You should get the same values as you did with MapReduce, although possibly arranged in files differently. The MapReduce output isn't the gold-standard of beautiful output, but we can reproduce it with Spark for comparison. Use this to output your results (assuming max_count) is the RDD with your results):

def tab_separated(kv):
    return "%s\t%s" % (kv[0], kv[1])

max_count.map(tab_separated).saveAsTextFile(output)

At any point you can check what's going on in an RDD by getting the first few elements and printing them. You probably want this to be the last thing your program does, so you can find the output among the Spark debugging output.

print(some_data.take(10))

Improve it: find the page

It would be nice to find out which page is popular, not just the view count. We can do that by keeping that information in the value when we reduce.

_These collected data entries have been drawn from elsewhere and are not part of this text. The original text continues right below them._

(* Let $M$ be a complete metric space and let $C^*(M)$ denote the normed space of all bounded continuous $\mathbb{K}$-valued functions on $M$ (where $\mathbb{K}=\mathbb{R}$ or $\mathbb{C}$), equipped with the supremum norm. If $C^*(M)$ admits an isometric shift, then $M$ is separable.
   Context: For a normed space $\mathcal{K}$, a map $T:\mathcal{K}\to\mathcal{K}$ is an (isometric) shift operator if (1) $T$ is a linear isometry, (2) the range $T(\mathcal{K})$ has codimension $1$ in $\mathcal{K}$, and (3) $\bigcap_{n=1}^{\infty} T^n(\mathcal{K})=\{0\}$. *)

From mathcomp Require Import all_boot all_algebra.
From mathcomp Require Import all_classical all_reals all_analysis.
From mathcomp Require Import complex.
Import Num.Theory GRing.Theory numFieldNormedType.Exports.
Local Open Scope classical_set_scope.
Local Open Scope ring_scope.

(* The scalar field K is an arbitrary numFieldType; it is topologized by its
   norm through K^o (numFieldTopology).  We instantiate K := R and K := R[i]. *)

Definition Cstar (K : numFieldType) (M : topologicalType) : set (M -> K^o) :=
  [set f | continuous f /\ exists r : K, forall x, `|f x| <= r].
Arguments Cstar {K M}.

Definition supnorm_le (K : numFieldType) (M : Type) (f : M -> K^o) (r : K) :=
  forall x, `|f x| <= r.
Arguments supnorm_le {K M}.

(* T is an (isometric) shift operator on the normed space C^*(M) with the
   supremum norm:
   - T maps C^*(M) into C^*(M) and is K-linear on it;
   - T is an isometry: ||T f|| = ||f|| (expressed as: f and T f have exactly
     the same upper bounds for their sup norms);
   - T(C^*(M)) has codimension 1 in C^*(M);
   - the ranges T^n(C^*(M)), n >= 1, intersect in {0}. *)
Definition isometric_shift (K : numFieldType) (M : topologicalType)
    (T : (M -> K^o) -> (M -> K^o)) : Prop :=
  [/\ (forall f, Cstar f -> Cstar (T f)),
      (forall (a : K) f g, Cstar f -> Cstar g ->
          T (fun x => a * f x + g x) = (fun x => a * T f x + T g x)),
      (forall f, Cstar f -> forall r : K, supnorm_le f r <-> supnorm_le (T f) r),
      (exists2 g, Cstar g &
          ~ (exists2 h, Cstar h & g = T h) /\
          forall f, Cstar f ->
            exists2 h, Cstar h & exists c : K, f = (fun x => T h x + c * g x))
    & (forall f, Cstar f ->
          (forall n : nat, (0 < n)%N -> exists2 h, Cstar h & f = iter n T h) ->
          f = (fun _ => 0))].

Definition has_isometric_shift (K : numFieldType) (M : topologicalType) :=
  exists T, @isometric_shift K M T.

Definition complete_space (T : uniformType) :=
  forall F : set_system T, ProperFilter F -> cauchy F -> exists x : T, F --> x.

Definition separable_space (T : topologicalType) :=
  exists S : set T, countable S /\ dense S.

From mathcomp Require Import all_boot all_order all_algebra.
From mathcomp Require Import all_classical all_reals all_analysis.
From mathcomp Require Import complex.
From mathcomp Require Import finmap ring lra.
Import Order.TTheory Num.Theory GRing.Theory numFieldNormedType.Exports.
Local Open Scope classical_set_scope.
Local Open Scope ring_scope.

Set Implicit Arguments.
Unset Strict Implicit.
Unset Printing Implicit Defensive.

(** Let [T] be an isometric shift of [C*(M)], so that [C*(M) = T(C*(M)) + K g0] is a
    direct sum.  Since [T] is an isometry and [C*(M)] is complete, the range of [T] is
    closed; hence the coefficient [coef f] of [g0] in [f], and the [T]-preimage [pre f]
    of the rest, depend boundedly on [f].  The functionals [f |-> coef (pre^k f)]
    separate the points of [C*(M)]: if they all vanish, [f = T^n (pre^n f)] for every
    [n], so [f = 0].  Given an [e]-separated set [A] in [M], tents of radius [e/2]
    centred at the points of [A] have disjoint supports, so their sums with unimodular
    coefficients have norm at most 1 and each functional is large on only finitely
    many tents; as every tent is seen by some functional, [A] is countable.  Finally, a
    metric space all of whose uniformly separated subsets are countable is separable. *)

(* The factor 2 makes room for [R[i]], whose real and imaginary parts converge
   separately. *)
Definition complete_with_rate (K : numFieldType) :=
  forall u : nat -> K, (forall n m, (n <= m)%N -> `|u n - u m| <= n.+1%:R^-1) ->
  exists l, forall n, `|u n - l| <= 2 / n.+1%:R.

Definition separating_functionals (K : numFieldType) (M : topologicalType)
    (phi : nat -> (M -> K^o) -> K) :=
  [/\ forall k (a : K) f g, Cstar f -> Cstar g ->
        phi k (fun x => a * f x + g x) = a * phi k f + phi k g,
      forall k, exists C : K, forall f r, Cstar f -> 0 <= r -> supnorm_le f r ->
        `|phi k f| <= C * r
    & forall f, Cstar f -> (forall k, phi k f = 0) -> f = fun _ => 0].

Section ArchimedeanField.
Variable K : numFieldType.
Hypothesis archiK : Num.archimedean_axiom K.

Lemma archi_inv_lt (e : K) : 0 < e -> exists n : nat, n.+1%:R^-1 < e.
Proof.
move=> e0; have [n en] := archiK e^-1.
exists n; rewrite -[e]invrK ltf_pV2 ?posrE ?invr_gt0 ?ltr0Sn//.
by move: en; rewrite gtr0_norm ?invr_gt0// => /lt_le_trans->//; rewrite ler_nat.
Qed.

Lemma norm_le_divS_eq0 (z c : K) : (forall n, `|z| <= c / n.+1%:R) -> z = 0.
Proof.
move=> zc; apply/eqP; apply/negPn/negP => z0.
have c0 : 0 < c by have := zc 0%N; rewrite divr1; apply: lt_le_trans; rewrite normr_gt0.
have [n nz] : exists n : nat, n.+1%:R^-1 < `|z| / c.
  by apply: archi_inv_lt; rewrite divr_gt0// normr_gt0.
by move: nz; rewrite ltr_pdivlMr// mulrC => /lt_geF; rewrite zc.
Qed.

End ArchimedeanField.

Lemma archiNum_archimedean (R : archiNumDomainType) : Num.archimedean_axiom R.
Proof. by move=> x; exists (Num.bound `|x|); rewrite archi_boundP. Qed.

Section BoundedContinuous.
Variables (K : numFieldType) (M : topologicalType).
Implicit Types (f g : M -> K^o) (r : K).

Lemma Cstar_lin (a : K) f g : Cstar f -> Cstar g -> Cstar (fun x => a * f x + g x).
Proof.
move=> [fc [r fr]] [gc [s gs]]; split.
  by move=> x; apply: cvgD; [apply: cvgM; [exact: cvg_cst | exact: fc] | exact: gc].
exists (`|a| * r + s) => x; rewrite (le_trans (ler_normD _ _))// normrM.
by rewrite lerD// ler_wpM2l.
Qed.

Lemma Cstar0 : Cstar (fun _ : M => 0 : K^o).
Proof. by split; [move=> x; exact: cvg_cst | exists 0 => x; rewrite normr0]. Qed.

Lemma CstarZ (a : K) f : Cstar f -> Cstar (fun x => a * f x).
Proof.
by move=> Cf; have := Cstar_lin a Cf Cstar0; under eq_fun do rewrite addr0.
Qed.

Lemma CstarB f g : Cstar f -> Cstar g -> Cstar (fun x => f x - g x).
Proof.
by move=> Cf Cg; have := Cstar_lin (-1) Cg Cf; under eq_fun do rewrite mulN1r addrC.
Qed.

Lemma Cstar_sum (I : Type) (s : seq I) (u : I -> K) (b : I -> M -> K^o) :
  (forall i, Cstar (b i)) -> Cstar (fun x => \sum_(i <- s) u i * b i x).
Proof.
move=> Cb; elim: s => [|i s IHs].
  by under eq_fun do rewrite big_nil; exact: Cstar0.
by under eq_fun do rewrite big_cons; exact: Cstar_lin.
Qed.

Lemma supnorm_le_norm f r : supnorm_le f r -> supnorm_le f `|r|.
Proof. by move=> fr x; rewrite (ger0_norm (le_trans (normr_ge0 _) (fr x))). Qed.

Lemma supnorm_le0 f : supnorm_le f 0 -> f = fun _ => 0.
Proof.
by move=> f0; apply/funext => x; apply/normr0_eq0/eqP; rewrite eq_le normr_ge0 f0.
Qed.

Hypotheses (archiK : Num.archimedean_axiom K) (completeK : complete_with_rate K).

Lemma Cstar_complete (hs : nat -> M -> K^o) :
  (forall n, Cstar (hs n)) ->
  (forall n m, (n <= m)%N -> supnorm_le (fun x => hs n x - hs m x) n.+1%:R^-1) ->
  exists2 h, Cstar h & forall n, supnorm_le (fun x => hs n x - h x) (2 / n.+1%:R).
Proof.
move=> Chs hs_cauchy.
have /choice[h hsh] : forall x, exists l, forall n, `|hs n x - l| <= 2 / n.+1%:R.
  by move=> x; apply: completeK => n m nm; exact: hs_cauchy.
exists h; last by move=> n x; exact: hsh.
split.
  move=> x; apply/cvgrPdist_lt => e e0.
  have e3 : 0 < e / 3%:R by rewrite divr_gt0.
  have [n ne] := archi_inv_lt archiK (divr_gt0 e3 (ltr0Sn K 1)).
  have hn_lt y : `|hs n y - h y| < e / 3%:R.
    by apply: le_lt_trans (hsh y n) _; rewrite mulrC -ltr_pdivlMr.
  have [hnc _] := Chs n; have /cvgrPdist_lt/(_ _ e3) := hnc x.
  apply: filterS => y hnxy.
  have -> : h x - h y = (h x - hs n x) + (hs n x - hs n y) + (hs n y - h y).
    by rewrite !addrA subrK addrNK.
  have -> : e = e / 3%:R + e / 3%:R + e / 3%:R by field.
  rewrite (le_lt_trans (ler_normD _ _))// ltrD// (le_lt_trans (ler_normD _ _))//.
  by rewrite ltrD// distrC.
have [_ [B hs0B]] := Chs 0%N.
exists (B + 2) => x; have -> : h x = hs 0%N x - (hs 0%N x - h x) by rewrite opprB addrC subrK.
by rewrite (le_trans (ler_normB _ _))// lerD// (le_trans (hsh x 0%N))// divr1.
Qed.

Modify your program so that it keeps track of the count and page title in the value: that should be a very small change. [❓]

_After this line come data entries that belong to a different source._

(* Let $\mathfrak{g}$ be a product by generators. Then $\dim Z(\mathfrak{g})\ge 6$ and $\dim \mathfrak{g}/C^1\mathfrak{g}\ge 4$. In particular, no filiform Lie algebra is a product by generators.
   Context: All Lie algebras are finite-dimensional, complex, nilpotent and nonabelian (in particular the one-dimensional algebra is excluded). $C^1\mathfrak{g}=[\mathfrak{g},\mathfrak{g}]$, $C^{k+1}\mathfrak{g}=[\mathfrak{g},C^k\mathfrak{g}]$, $Z(\mathfrak{g})$ is the center. Product by generators of two algebras $\mathfrak{g}_1,\mathfrak{g}_2$: take bases $\{X_1,\dots,X_{m_1}\}$, $\{X'_1,\dots,X'_{m_2}\}$ such that $X_1,\dots,X_{n_1}$ generate $\mathfrak{g}_1$ and $X_{n_1+1},\dots,X_{m_1}$ span $C^1\mathfrak{g}_1$, and similarly for $\mathfrak{g}_2$ with $n_2$ generators; $\mathfrak{g}_1\underline{\times}\mathfrak{g}_2$ is the Lie algebra on $\mathfrak{g}_1\oplus\mathfrak{g}_2\oplus\langle Z_1,\dots,Z_{n_1n_2}\rangle$ with the brackets of $\mathfrak{g}_1$ and of $\mathfrak{g}_2$, $[X_i,X'_j]=Z_{(i-1)n_2+j}$ for $i\le n_1$, $j\le n_2$, $[X_i,X'_j]=0$ otherwise, and the $Z_k$ central. A nilpotent Lie algebra $\mathfrak{g}$ is called a product by generators if there exist (nonabelian) subalgebras $\mathfrak{h}_1,\mathfrak{h}_2$ with $\mathfrak{g}\cong\mathfrak{h}_1\underline{\times}\mathfrak{h}_2$. A nilpotent Lie algebra of dimension $n$ is filiform if $\dim C^k\mathfrak{g}=n-k-1$ for $1\le k\le n-1$ (maximal nilindex). *)

(* The main theorem is stated over K = R[i], R : realType,
   i.e. over the complex numbers. *)
From HB Require Import structures.
From mathcomp Require Import all_boot all_order all_algebra.
Set Implicit Arguments. Unset Strict Implicit. Unset Printing Implicit Defensive.
Import Order.TTheory GRing.Theory Num.Theory.
Local Open Scope ring_scope.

Finally, the output lines should look like this:

20160801-000000     (146, 'Simon_Pegg')

Questions

In a text file answers.txt, answer these questions:

  1. In the WikipediaPopular class, it would be much more interesting to find the page that is most popular, not just the view count (as we did with Spark). What would be necessary to modify your class to do this? (You don't have to actually implement it.)
  2. An RDD has many methods: it can do many more useful tricks than were at hand with MapReduce. Write a sentence or two to explain the difference between .map and .flatMap. Which is more like the MapReduce concept of mapping?
  3. Do the same for .reduce and .reduceByKey. Which is more like the MapReduce concept of reducing?
  4. When finding popular Wikipedia pages, the maximum number of page views is certainly unique, but the most popular page might be a tie. What would your improved Python implementation do if there were two pages with the same highest number of page views in an hour? What would be necessary to make your code find all of the pages views the maximum number of times? (Again, you don't have to actually implement this.)

Submission

Submit your files to the CourSys activity Assignment 2.

Updated Thu Sept. 14 2023, 15:10 by ggbaker.